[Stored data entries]
···

Lemma spread_cover x : x != 0 -> qform A x = 0 -> exists i, (x <= Sigma i)%MS.
Proof.
move=> x0 Qx; pose c y := #|[set i in setT | (y <= Sigma i)%MS]|.
have c_le1 y : y \in qzeros A :\ 0 -> (c y <= 1)%N.
  rewrite !inE => /andP[y0 _]; apply/card_le1_eqP => i j; rewrite !inE /= => yi yj.
  by apply/eqP; apply: contraTT y0 => ij; rewrite negbK (spread_eq0 ij yj yi).
have sum_c : (#|qzeros A :\ 0%R| * 1 <= \sum_(y in qzeros A :\ 0%R) c y)%N.
  rewrite muln1 card_nz_qzeros -double_count.
  rewrite (eq_bigr (fun=> (q ^ g - 1)%N)) ?sum_nat_const ?cardsT ?card_ord // => i _.
  have [sSi rSi] := spread_generator i.
  rewrite -rSi -card_rowgD1; apply: eq_card => y.
  by rewrite !inE -andbA; case: (y <= Sigma i)%MS /idP => [/sSi ->|]; rewrite ?eqxx ?andbF.
have : c x = 1%N by apply: (sum_ubound_eq c_le1 sum_c); rewrite !inE x0 Qx eqxx.
by case/eqP/cards1P => i /setP/(_ i); rewrite !inE eqxx => xi; exists i.
Qed.

Definition spread_index y := odflt mx [pick i | (y <= Sigma i)%MS].

Lemma spread_indexE i y : y != 0 -> (y <= Sigma i)%MS -> spread_index y = i.
Proof.
move=> y0 yi; rewrite /spread_index; case: pickP => [j /= yj | /(_ i)]; last by rewrite yi.
by apply: contraTeq y0 => ji; rewrite negbK (spread_eq0 ji yj yi).
Qed.

Lemma sub_spread_index y : y != 0 -> qform A y = 0 -> (y <= Sigma (spread_index y))%MS.
Proof. by move=> y0 Qy; have [i yi] := spread_cover y0 Qy; rewrite (spread_indexE y0 yi). Qed.

(* The totally singular line <p, x> has q points besides p, lying in distinct
   generators Sigma_i, i != mx; these i are exactly those with x in Pi_i. *)
Lemma card_spread_proj_through x :
  x != 0 -> (x <= H)%MS -> qform A x = 0 -> ~~ (x <= Sigma mx)%MS ->
  #|[set i | (i != mx) && (x <= spread_proj i)%MS]| = q.
Proof.
move=> x0 xH Qx xSmx; pose v l := l *: p + x.
have xE l : x = (- l) *: p + v l by rewrite scaleNr addKr.
have v0 l : v l != 0.
  by apply: contra xSmx => /eqP vl0; rewrite (xE l) vl0 addr0 scalemx_sub.
have Qv l : qform A (v l) = 0.
  by rewrite qformD qformZ qform_p mulr0 add0r Qx add0r polarZl H_perp_p // mulr0.
pose f l := spread_index (v l).
have vf l : (v l <= Sigma (f l))%MS := sub_spread_index (v0 l) (Qv l).
have f_mx l : f l != mx.
  apply: contraNneq xSmx => flmx.
  by rewrite (xE l) addmx_sub ?scalemx_sub // -flmx.
have f_inj : injective f.
  move=> l1 l2 f12; apply/eqP; rewrite -subr_eq0.
  apply: contraR (p_notin_spread (f_mx l1)) => l12; rewrite -(scalerK l12 p) scalemx_sub //.
  have -> : (l1 - l2) *: p = v l1 - v l2 by rewrite scalerBl opprD addrACA subrr addr0.
  by rewrite addmx_sub ?eqmx_opp // f12.
have -> : [set i | (i != mx) && (x <= spread_proj i)%MS] = f @: setT.
  apply/setP => i; rewrite inE; apply/andP/imsetP => [[imx] | [l _ ->]].
    rewrite sub_capmx => /andP[/sub_adds_rV [c [s [xcs sSi]]] _].
    exists (- c) => //; apply/esym/spread_indexE; first exact: v0.
    by rewrite /v xcs scaleNr addKr.
  by rewrite f_mx sub_capmx xH andbT (xE l) adds_rV_sub.
by rewrite card_imset // cardsT.
Qed.
(* Let $H$ be a multi-hypergraph, $\mathcal{M}$ a matroid and $\gamma\colon E(H)\to E(\mathcal{M})$. Let $M$ be a maximal independent matching in $(H,\gamma)$ of size $\ell$, and suppose there exists $e\in E(H)$ with $\gamma(e)\notin\mathrm{span}(\gamma(M))$. Then there exist an integer $k>0$ and a collection $X\subseteq E(H)$ of $k+1$ hyperedges such that the subhypergraph of $H$ formed by the hyperedges in $X$ and their vertices is connected, and $H-V(X)$ (with the labelling $\gamma$ restricted to its hyperedges) contains a maximal independent matching of size $\ell-k$.
   Context: A multi-hypergraph $H=(V,E)$ consists of a finite set $V$ and a multiset $E$ of non-empty subsets of $V$ (hyperedges); distinct copies of the same subset are distinct hyperedges and may receive different labels. For $U\subseteq V(H)$, $H-U$ has vertex set $V(H)\setminus U$ and all hyperedges of $H$ disjoint from $U$. For $X\subseteq E(H)$, $V(X)=\bigcup_{e\in X}e$. A multi-hypergraph is connected if for every partition of its vertex set into non-empty parts $A,B$ some hyperedge meets both $A$ and $B$. $\mathrm{span}$ denotes the closure operator of the matroid $\mathcal{M}$. Given $\gamma\colon E(H)\to E(\mathcal{M})$, an independent matching in $(H,\gamma)$ is a collection $M$ of pairwise vertex-disjoint hyperedges of $H$ with pairwise distinct labels such that $\gamma(M)$ is an independent set of $\mathcal{M}$ (the empty collection is an independent matching). An independent matching $M$ is inclusion-wise maximal if no independent matching $M'$ satisfies $M\subsetneq M'$. It is maximal if there is no independent matching $M'$ in $(H,\gamma)$ with $\mathrm{span}(\gamma(M'))=\mathrm{span}(\gamma(M))$ that is not inclusion-wise maximal. *)

From mathcomp Require Import all_boot.
Set Implicit Arguments. Unset Strict Implicit. Unset Printing Implicit Defensive.

Record is_matroid (S : finType) (indep : {set S} -> bool) : Prop := {
  matroid_indep0 : indep set0;
  matroid_hered : forall A B : {set S}, A \subset B -> indep B -> indep A;
  matroid_exch : forall A B : {set S}, indep A -> indep B -> #|A| < #|B| ->
     exists2 x, x \in B :\: A & indep (x |: A)
}.

Definition mrank (S : finType) (indep : {set S} -> bool) (A : {set S}) : nat :=
  \max_(B in powerset A | indep B) #|B|.

Definition span (S : finType) (indep : {set S} -> bool) (A : {set S}) : {set S} :=
  [set x | mrank indep (x |: A) == mrank indep A].

(* A multi-hypergraph: vertex type V, hyperedge index type E (distinct indices
   may carry the same vertex set), incidence inc : E -> {set V}. *)

Definition Vof (V E : finType) (inc : E -> {set V}) (X : {set E}) : {set V} :=
  \bigcup_(e in X) inc e.

Definition del_edges (V E : finType) (inc : E -> {set V}) (U : {set V}) : {set E} :=
  [set e | [disjoint inc e & U]].

Definition indep_matching (V E S : finType) (inc : E -> {set V})
  (indep : {set S} -> bool) (gamma : E -> S) (D : {set E}) (M : {set E}) : Prop :=
  [/\ M \subset D,
      (forall e f, e \in M -> f \in M -> e != f -> [disjoint inc e & inc f]),
      {in M &, injective gamma} &
      indep (gamma @: M)].

Definition incl_maximal (V E S : finType) (inc : E -> {set V})
  (indep : {set S} -> bool) (gamma : E -> S) (D : {set E}) (M : {set E}) : Prop :=
  indep_matching inc indep gamma D M /\
  forall M', indep_matching inc indep gamma D M' -> ~ (M \proper M').

Definition maximal_matching (V E S : finType) (inc : E -> {set V})
  (indep : {set S} -> bool) (gamma : E -> S) (D : {set E}) (M : {set E}) : Prop :=
  indep_matching inc indep gamma D M /\
  forall M', indep_matching inc indep gamma D M' ->
    span indep (gamma @: M') = span indep (gamma @: M) ->
    incl_maximal inc indep gamma D M'.

Definition connected_hg (V E : finType) (inc : E -> {set V}) (W : {set V}) (X : {set E}) : Prop :=
  forall A B : {set V}, A != set0 -> B != set0 -> [disjoint A & B] -> A :|: B = W ->
    exists2 e, e \in X & (inc e :&: A != set0) && (inc e :&: B != set0).
Lemma inord_nth_inj n (f : seq nat) :
  perm_eq f (iota 0 n.+1) -> injective (fun i : 'I_n.+1 => inord (nth 0 f i) : 'I_n.+1).
Proof.
move=> pf i j /(congr1 val); rewrite /= !inordK ?(nth_perm_iota_ltn pf) // => /eqP.
rewrite nth_uniq ?(perm_size pf) ?size_iota ?(perm_uniq pf) ?iota_uniq //.
by move=> /eqP /val_inj.
Qed.

Section Unitary.
Variable C : numClosedFieldType.

Lemma adjmxM n (M N : 'M[C]_n) : adjmx (M *m N) = adjmx N *m adjmx M.
Proof. by rewrite /adjmx map_mxM trmx_mul. Qed.

Lemma adjmx_tr n (M : 'M[C]_n) : adjmx M^T = (adjmx M)^T.
Proof. by rewrite /adjmx -map_trmx. Qed.

Lemma adjmx_perm n (p : 'S_n) : adjmx (perm_mx p : 'M[C]_n) = perm_mx p^-1.
Proof. by rewrite /adjmx map_perm_mx tr_perm_mx. Qed.

Lemma adjmx_tens m n (M : 'M[C]_m) (N : 'M[C]_n) :
  adjmx (M *t N) = adjmx M *t adjmx N.
Proof. by rewrite /adjmx map_mxT trmx_tens. Qed.

Lemma adjmx1 n : adjmx (1%:M : 'M[C]_n) = 1%:M.
Proof. by rewrite /adjmx map_mx1 trmx1. Qed.

Lemma mulmx_adj_unitary n (M : 'M[C]_n) : M *m adjmx M = 1%:M -> unitary M.
Proof. by move=> MM; split; last exact: mulmx1C. Qed.

Lemma unitary1 n : unitary (1%:M : 'M[C]_n).
Proof. by apply: mulmx_adj_unitary; rewrite adjmx1 mulmx1. Qed.

Lemma unitaryM n (M N : 'M[C]_n) : unitary M -> unitary N -> unitary (M *m N).
Proof.
move=> [uM _] [uN _]; apply: mulmx_adj_unitary.
by rewrite adjmxM mulmxA -(mulmxA M) uN mulmx1 uM.
Qed.

Lemma unitary_perm_mx n (p : 'S_n) : unitary (perm_mx p : 'M[C]_n).
Proof. by apply: mulmx_adj_unitary; rewrite adjmx_perm -perm_mxM mulgV perm_mx1. Qed.

Lemma unitary_tr n (M : 'M[C]_n) : unitary M -> unitary M^T.
Proof.
move=> [_ uM]; apply: mulmx_adj_unitary.
by rewrite adjmx_tr -trmx_mul uM trmx1.
Qed.

Lemma tens1mx1 m n : (1%:M : 'M[C]_m) *t (1%:M : 'M[C]_n) = 1%:M.
Proof.
apply/matrixP=> i j.
case: (mxtens_indexP i) => i1 i2; case: (mxtens_indexP j) => j1 j2.
rewrite tensmxE !mxE -natrM mulnb.
by rewrite (inj_eq (can_inj (@mxtens_indexK m n))) xpair_eqE.
Qed.

Lemma unitary_tens m n (M : 'M[C]_m) (N : 'M[C]_n) :
  unitary M -> unitary N -> unitary (M *t N).
Proof.
move=> [uM _] [uN _]; apply: mulmx_adj_unitary.
by rewrite adjmx_tens tensmx_mul uM uN tens1mx1.
Qed.

Lemma unitary_permuted n (T B : 'M[C]_n) (p q : 'S_n) :
  (forall i j, T i j = B (p i) (q j)) -> unitary B -> unitary T.
Proof.
move=> TE uB; have -> : T = perm_mx p *m B *m perm_mx q^-1.
  by apply/matrixP=> i j; rewrite -row_permE -col_permE !mxE TE.
by rewrite -mulmxA; exact: unitaryM (unitary_perm_mx p) (unitaryM uB (unitary_perm_mx q^-1)).
Qed.

Lemma unitary_seq_permuted n (T B : 'M[C]_n.+1) (f g : seq nat) :
  perm_eq f (iota 0 n.+1) -> perm_eq g (iota 0 n.+1) ->
  (forall i j : 'I_n.+1, T i j = B (inord (nth 0 f i)) (inord (nth 0 g j))) ->
  unitary B -> unitary T.
Proof.
move=> pf pg TE.
apply: (unitary_permuted (p := perm (inord_nth_inj pf)) (q := perm (inord_nth_inj pg))).
by move=> i j; rewrite !permE TE.
Qed.

End Unitary.

(* (false, k) stands for a_k and (true, k) for b_k; an entry Some (x, j) is
   coordinate j of x and None is 0. *)
Definition svec := (bool * nat)%type.
Definition sentry := option (svec * nat).
Definition smatrix := nat -> nat -> sentry.

Definition sA (k : nat) : svec := (false, k).
Definition sB (k : nat) : svec := (true, k).

Definition scat6 (x y : svec) (j : nat) : sentry :=
  if (j < 6)%N then Some (x, j) else Some (y, j - 6)%N.

Definition sblk (p : nat) (x y : svec) (j : nat) : sentry :=
  if (j %/ 6 == p.-1)%N then Some (x, j %% 6)%N
  else if (j %/ 6 == p)%N then Some (y, j %% 6)%N else None.

Definition smx_of_rows (T : Type) (x0 : T) (srow : T -> nat -> sentry) (s : seq T) :
  smatrix :=
  fun i j => srow (nth x0 s i) j.

Definition sreshuffle (M : smatrix) : smatrix :=
  fun r s => M (6 * (r %/ 6) + s %/ 6)%N (6 * (r %% 6) + s %% 6)%N.

Definition sptranspose (M : smatrix) : smatrix :=
  fun r s => M (6 * (r %/ 6) + s %% 6)%N (6 * (s %/ 6) + r %% 6)%N.

Definition strmx (M : smatrix) : smatrix := fun i j => M j i.

Definition sdiag (n : nat) (M : smatrix) : smatrix :=
  fun i j => if (i %/ n == j %/ n)%N then M (i %% n)%N (j %% n)%N else None.

Definition sym_permuted (n : nat) (T B : smatrix) (f g : seq nat) : bool :=
  [&& perm_eq f (iota 0 n), perm_eq g (iota 0 n) &
      all (fun i => all (fun j => T i j == B (nth 0 f i) (nth 0 g j)) (iota 0 n)) (iota 0 n)].

Section Represents.
Variable C : numClosedFieldType.
Variables a b : 'I_12 -> 'rV[C]_6.

Definition vec_of (x : svec) : 'rV[C]_6 := at1 (if x.1 then b else a) x.2.

Definition entry_of (e : sentry) : C := if e is Some (x, j) then vec_of x 0 (inord j) else 0.

Definition represents m n (M : 'M[C]_(m, n)) (T : smatrix) : Prop :=
  forall i j, M i j = entry_of (T i j).

Lemma cat6_entry x y j : cat6 (vec_of x) (vec_of y) 0 j = entry_of (scat6 x y j).
Proof. by rewrite mxE /scat6; case: ifP. Qed.

Lemma blk_entry p x y j : blk p (vec_of x) (vec_of y) 0 j = entry_of (sblk p x y j).
Proof. by rewrite mxE /sblk; case: ifP => // _; case: ifP. Qed.

Lemma represents_rows n (T : Type) (x0 : T) (row : T -> 'rV[C]_n)
    (srow : T -> nat -> sentry) (s : seq T) :
  size s = n -> (forall x j, row x 0 j = entry_of (srow x j)) ->
  represents (mx_of_rows (map row s)) (smx_of_rows x0 srow s).
Proof. by move=> sz rowE i j; rewrite mxE (nth_map x0) ?sz. Qed.

Lemma represents_reshuffle M T : represents M T -> represents (reshuffle M) (sreshuffle T).
Proof.
move=> ME r s; rewrite mxE ME /pidx /sreshuffle !inordK //.
all: by have := ltn_ord r; have := ltn_ord s; lia.
Qed.

Lemma represents_ptranspose M T : represents M T -> represents (ptranspose M) (sptranspose T).
Proof.
move=> ME r s; rewrite mxE ME /pidx /sptranspose !inordK //.
all: by have := ltn_ord r; have := ltn_ord s; lia.
Qed.

Lemma represents_tr m n (M : 'M[C]_(m, n)) T : represents M T -> represents M^T (strmx T).
Proof. by move=> ME i j; rewrite mxE ME. Qed.

Lemma represents_tens1 m n (M : 'M[C]_n) T :
  represents M T -> represents ((1%:M : 'M[C]_m) *t M) (sdiag n T).
Proof.
move=> ME i j; rewrite !mxE ME /sdiag -val_eqE /=.
by case: eqP => _; rewrite ?mul1r ?mul0r.
Qed.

···

▶ [Instructions to follow]
Of the entries listed above, reproduce only the lines starting at the line containing "apply/setP => i;" and ending at the line containing "(* Let $H$ be". Include both, exactly as they stand.

▶ [Expected answer]
  apply/setP => i; rewrite inE; apply/andP/imsetP => [[imx] | [l _ ->]].
    rewrite sub_capmx => /andP[/sub_adds_rV [c [s [xcs sSi]]] _].
    exists (- c) => //; apply/esym/spread_indexE; first exact: v0.
    by rewrite /v xcs scaleNr addKr.
  by rewrite f_mx sub_capmx xH andbT (xE l) adds_rV_sub.
by rewrite card_imset // cardsT.
Qed.
(* Let $H$ be a multi-hypergraph, $\mathcal{M}$ a matroid and $\gamma\colon E(H)\to E(\mathcal{M})$. Let $M$ be a maximal independent matching in $(H,\gamma)$ of size $\ell$, and suppose there exists $e\in E(H)$ with $\gamma(e)\notin\mathrm{span}(\gamma(M))$. Then there exist an integer $k>0$ and a collection $X\subseteq E(H)$ of $k+1$ hyperedges such that the subhypergraph of $H$ formed by the hyperedges in $X$ and their vertices is connected, and $H-V(X)$ (with the labelling $\gamma$ restricted to its hyperedges) contains a maximal independent matching of size $\ell-k$.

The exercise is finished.